Exame complementares devem ser realizados quando o mecanismo fisiopatológico subjacente à obstipação alterar a nossa conduta terapêutica. Podem incluir a realização de teste de expulsão de balão, manometria anorectal ou defecografia dinâmica (com algumas modalidades imagiológicas descritas).

Tratando a obstipação crónica – passo a passo
A abordagem terapêutica da obstipação decorre em diversas etapas progressivas. A orientação inicial deve focar nas modificações do estilo de vida (aumento da ingestão de fibras e actividade física, redução de stress, higiene do sono e correcção dos hábitos na casa de banho). Os doentes poderão melhorar a postura na casa de banho com o uso de banco dos pés. Dependendo da interacção com a água, as fibras podem ser solúveis (psílio) ou insolúveis (farelo). As fibras insolúveis devem ser introduzidas gradualmente e com uma adequada ingestão de água.

Os passos seguintes incluem o uso de laxantes osmóticos como o polietilenoglicol ou a lactulose, diariamente e em dose crescente se necessário.

Os laxantes irritativos como o sene e o bisacodilo estimulam a actividade colorectal. Poderão ser usados de modo contínuo ou “por necessidade” (2-3x/semana), associados ou não aos laxantes osmóticos descritos. Podem originar cólicas abdominais – efeito secundário relacionado com o seu mecanismo de acção.

Aos laxantes descritos, podem ainda ser associados (ou utilizados em substituição) medicamentos secretagogos ou procinéticos, que aumentam a secreção de fluidos intestinais ou o movimento cólico por acção directa. Está apenas disponível em Portugal a linaclotida.

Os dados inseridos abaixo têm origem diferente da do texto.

Lemma rad_in_ideal : is_ideal_in h (rad_in h I).
Proof.
split=> [x [] //| |x y [Hx [ex Ix]] [Hy [ey Iy]]|r x Hr [Hx [e Ix]]].
- by split; [exact: inR0|exists 1%N; rewrite expr1; exact: ideal0].
- split; first exact: inRD.
  exists (ex + ey)%N; rewrite exprDn; apply: ideal_sum => i; apply: ideal_mulrn.
  have [le_ey_i|lt_i_ey] := leqP ey i.
    by rewrite -(subnK le_ey_i) exprD mulrA; apply: idealM Iy; apply/inRM; apply: inRX.
  rewrite -(subnK (_ : ex <= ex + ey - i)%N) ?exprD; last by rewrite -addnBA ?leq_addr // ltnW.
  by rewrite mulrAC; apply: idealM Ix; apply/inRM; apply: inRX.
- by split; [exact: inRM|exists e; rewrite exprMn; apply: idealM => //; apply: inRX].
Qed.

Lemma rad_in_of x : inR h x -> I x -> rad_in h I x.
Proof. by move=> Hx Ix; split=> //; exists 1%N; rewrite expr1. Qed.
End IdealTheory.

Lemma rad_in_root h I x e : inR h x -> rad_in h I (x ^+ e) -> rad_in h I x.
Proof. by move=> Hx [_ [N IxeN]]; split=> //; exists (e * N)%N; rewrite exprM. Qed.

Os distúrbios defecatórios podem ser corrigidos com reabilitação funcional do pavimento pélvico com diversas modalidades de biofeedback descritas. Poderão estar indicadas correcções cirúrgicas de alterações estruturais que condicionem distúrbios defecatórios.

Estratégias invasivas como a estimulação neurosagrada e a colectomia poderão estar reservadas para casos individuais de obstipação refratária.